Go through the records and show each line where the word "match" occurs.
"""
(* Let $\phi\colon F\to G$ and $\psi\colon G\to H$ be transformations (of types $|\alpha|\xrightarrow{\sigma}n\xleftarrow{\tau}|\beta|$ and $|\beta|\xrightarrow{\eta}m\xleftarrow{\theta}|\gamma|$, with $F\colon\mathbb B^\alpha\to\mathbb C$, $G\colon\mathbb B^\beta\to\mathbb C$, $H\colon\mathbb B^\gamma\to\mathbb C$) which are dinatural in all their variables. If the composite graph $\Gamma(\psi)\circ\Gamma(\phi)$ is acyclic, then $\psi\circ\phi$ is dinatural in all its variables.
   Context: Notation: for $k\in\mathbb N$, $k$ also denotes $\{1,\dots,k\}$. For $\alpha\in\{+,-\}^*$, $\mathbb B^\alpha=\mathbb B^{\alpha_1}\times\cdots\times\mathbb B^{\alpha_{|\alpha|}}$ with $\mathbb B^+=\mathbb B$, $\mathbb B^-=\mathbb B^{op}$. For $\mathbf A=(A_1,\dots,A_n)$ and $\sigma\colon k\to n$, $\mathbf A\sigma=(A_{\sigma1},\dots,A_{\sigma k})$. A morphism $f\colon A\to B$ placed in a contravariant argument is regarded as a morphism $B\to A$ of $\mathbb B^{op}$. A transformation $\phi\colon F\to G$ of type $|\alpha|\xrightarrow{\sigma}n\xleftarrow{\tau}|\beta|$ ($\sigma,\tau$ arbitrary functions) is a family $\phi_{\mathbf A}\colon F(\mathbf A\sigma)\to G(\mathbf A\tau)$, $\mathbf A\in\mathrm{Ob}(\mathbb B)^n$; $A_i$ is its $i$-th variable. $\mathbf A[X,Y/i]\sigma$ is the tuple whose $j$-th entry is $X$ if $\sigma j=i,\alpha_j=-$, $Y$ if $\sigma j=i,\alpha_j=+$, and $A_{\sigma j}$ (or $1_{A_{\sigma j}}$ when $X,Y$ are morphisms) otherwise; $\mathbf A[X/i]=\mathbf A[X,X/i]$. $\phi$ is dinatural in its $i$-th variable if for all objects $A_j$ ($j\neq i$) and all $f\colon A\to B$: $G(\mathbf A[A,f/i]\tau)\circ\phi_{\mathbf A[A/i]}\circ F(\mathbf A[f,A/i]\sigma)=G(\mathbf A[f,B/i]\tau)\circ\phi_{\mathbf A[B/i]}\circ F(\mathbf A[B,f/i]\sigma)$. Vertical composite: with $\zeta\colon n\to l$, $\xi\colon m\to l$ a pushout of $\tau,\eta$ in finite sets, $\psi\circ\phi$ has type $|\alpha|\xrightarrow{\zeta\sigma}l\xleftarrow{\xi\theta}|\gamma|$ and components $(\psi\circ\phi)_{\mathbf A}=\psi_{\mathbf A\xi}\circ\phi_{\mathbf A\zeta}$. Composite graph $\Gamma(\psi)\circ\Gamma(\phi)$: directed bipartite graph with places the disjoint union of $|\alpha|,|\beta|,|\gamma|$ and transitions $n\sqcup m$. For $t\in n$: arc from place $j$ of the $\alpha$-block to $t$ iff $\sigma j=t,\alpha_j=+$; from $t$ to it iff $\sigma j=t,\alpha_j=-$; arc from place $j$ of the $\beta$-block to $t$ iff $\tau j=t,\beta_j=-$; from $t$ to it iff $\tau j=t,\beta_j=+$. For $t\in m$: arc from place $j$ of the $\beta$-block to $t$ iff $\eta j=t,\beta_j=+$; from $t$ to it iff $\eta j=t,\beta_j=-$; arc from place $j$ of the $\gamma$-block to $t$ iff $\theta j=t,\gamma_j=-$; from $t$ to it iff $\theta j=t,\gamma_j=+$. Acyclic means without directed cycles. *)

From mathcomp Require Import all_boot.
Set Implicit Arguments. Unset Strict Implicit. Unset Printing Implicit Defensive.

Record Cat := {
  ob :> Type;
  hom : ob -> ob -> Type;
  idm : forall x, hom x x;
  cmp : forall x y z, hom y z -> hom x y -> hom x z;
  cmp_idl : forall x y (f : hom x y), cmp (idm y) f = f;
  cmp_idr : forall x y (f : hom x y), cmp f (idm x) = f;
  cmp_assoc : forall x y z w (h : hom z w) (g : hom y z) (f : hom x y),
      cmp h (cmp g f) = cmp (cmp h g) f }.
Arguments hom {c}.
Arguments idm {c} x.
Arguments cmp {c x y z}.

(* Variance: true = '+', false = '-'.  A morphism X -> Y of B^c. *)
Definition mhom (B : Cat) (c : bool) (x y : B) : Type :=
  if c then hom x y else hom y x.
Arguments mhom : clear implicits.

Definition mid (B : Cat) (c : bool) (x : B) : mhom B c x x :=
  match c as c0 return mhom B c0 x x with true => idm x | false => idm x end.
Arguments mid : clear implicits.

Definition mcomp (B : Cat) (c : bool) (x y z : B) :
  mhom B c y z -> mhom B c x y -> mhom B c x z :=
  match c as c0 return mhom B c0 y z -> mhom B c0 x y -> mhom B c0 x z with
  | true => fun g f => cmp g f
  | false => fun g f => cmp f g
  end.

Definition mcast (B : Cat) (c : bool) (x y : B) (e : x = y) : mhom B c x y :=
  match e in _ = y0 return mhom B c x y0 with erefl => mid B c x end.
Arguments mcast : clear implicits.
Arguments mcast B c {x y}.

(* morphisms of B^alpha = B^{alpha_1} x ... x B^{alpha_k} *)
Definition vhom (B : Cat) (k : nat) (alpha : 'I_k -> bool) (S T : 'I_k -> B) :=
  forall j : 'I_k, mhom B (alpha j) (S j) (T j).

Record MFunctor (B C : Cat) (k : nat) (alpha : 'I_k -> bool) := {
  fob :> ('I_k -> B) -> C;
  fmor : forall S T, vhom alpha S T -> hom (fob S) (fob T);
  fmor_id : forall S, fmor (fun j => mid B (alpha j) (S j)) = idm (fob S);
  fmor_comp : forall S T U (g : vhom alpha T U) (f : vhom alpha S T),
      fmor (fun j => mcomp (g j) (f j)) = cmp (fmor g) (fmor f) }.
Arguments fmor {B C k alpha} m {S T}.

Definition trans (B C : Cat) (a b n : nat) (alpha : 'I_a -> bool)
  (beta : 'I_b -> bool) (F : MFunctor B C alpha) (G : MFunctor B C beta)
  (sigma : 'I_a -> 'I_n) (tau : 'I_b -> 'I_n) :=
  forall A : 'I_n -> B, hom (F (fun j => A (sigma j))) (G (fun j => A (tau j))).

Definition substn (B : Cat) (n : nat) (A : 'I_n -> B) (i : 'I_n) (X : B) :
  'I_n -> B := fun k => if k == i then X else A k.

(* A[X,Y/i]sigma  is  subst_ob sigma alpha A i (fun c => if c then Y else X):
   entry j is Z (alpha j) if sigma j = i, and A (sigma j) otherwise. *)
Definition subst_ob (B : Cat) (k n : nat) (sigma : 'I_k -> 'I_n)
  (alpha : 'I_k -> bool) (A : 'I_n -> B) (i : 'I_n) (Z : bool -> B) :
  'I_k -> B := fun j => if sigma j == i then Z (alpha j) else A (sigma j).

(* A[u,v/i]sigma : morphism from subst_ob .. Zs to subst_ob .. Zt, with
   u : Zt false -> Zs false (contravariant slots, a morphism of B^op
   from Zs false to Zt false) and v : Zs true -> Zt true (covariant slots);
   identities elsewhere. *)
Definition subst_mor (B : Cat) (k n : nat) (sigma : 'I_k -> 'I_n)
  (alpha : 'I_k -> bool) (A : 'I_n -> B) (i : 'I_n) (Zs Zt : bool -> B)
  (u : hom (Zt false) (Zs false)) (v : hom (Zs true) (Zt true)) :
  vhom alpha (subst_ob sigma alpha A i Zs) (subst_ob sigma alpha A i Zt) :=
  fun j =>
  match sigma j == i as e return
    mhom B (alpha j) (if e then Zs (alpha j) else A (sigma j))
                     (if e then Zt (alpha j) else A (sigma j)) with
  | true => match alpha j as c return mhom B c (Zs c) (Zt c) with
            | true => v | false => u end
  | false => mid B (alpha j) (A (sigma j))
  end.
Arguments subst_mor {B k n} sigma alpha A i Zs Zt u v.

(* dinaturality in the i-th variable:
   G(A[X,f/i]tau) o phi_{A[X/i]} o F(A[f,X/i]sigma)
   = G(A[f,Y/i]tau) o phi_{A[Y/i]} o F(A[Y,f/i]sigma)   for f : X -> Y *)
Definition dinatural_in (B C : Cat) (a b n : nat) (alpha : 'I_a -> bool)
  (beta : 'I_b -> bool) (F : MFunctor B C alpha) (G : MFunctor B C beta)
  (sigma : 'I_a -> 'I_n) (tau : 'I_b -> 'I_n) (phi : trans F G sigma tau)
  (i : 'I_n) : Prop :=
  forall (A : 'I_n -> B) (X Y : B) (f : hom X Y),
    cmp (fmor G (subst_mor tau beta A i (fun _ => X)
                  (fun c => if c then Y else X) (idm X) f))
      (cmp (phi (substn A i X))
         (fmor F (subst_mor sigma alpha A i (fun c => if c then X else Y)
                   (fun _ => X) f (idm X))))
    =
    cmp (fmor G (subst_mor tau beta A i (fun _ => Y)
                  (fun c => if c then Y else X) f (idm Y)))
      (cmp (phi (substn A i Y))
         (fmor F (subst_mor sigma alpha A i (fun c => if c then X else Y)
                   (fun _ => Y) (idm Y) f))).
"""
**Answer section**
  match c as c0 return mhom B c0 x x with true => idm x | false => idm x end.
  match c as c0 return mhom B c0 y z -> mhom B c0 x y -> mhom B c0 x z with
  match e in _ = y0 return mhom B c x y0 with erefl => mid B c x end.
  match sigma j == i as e return
  | true => match alpha j as c return mhom B c (Zs c) (Zt c) with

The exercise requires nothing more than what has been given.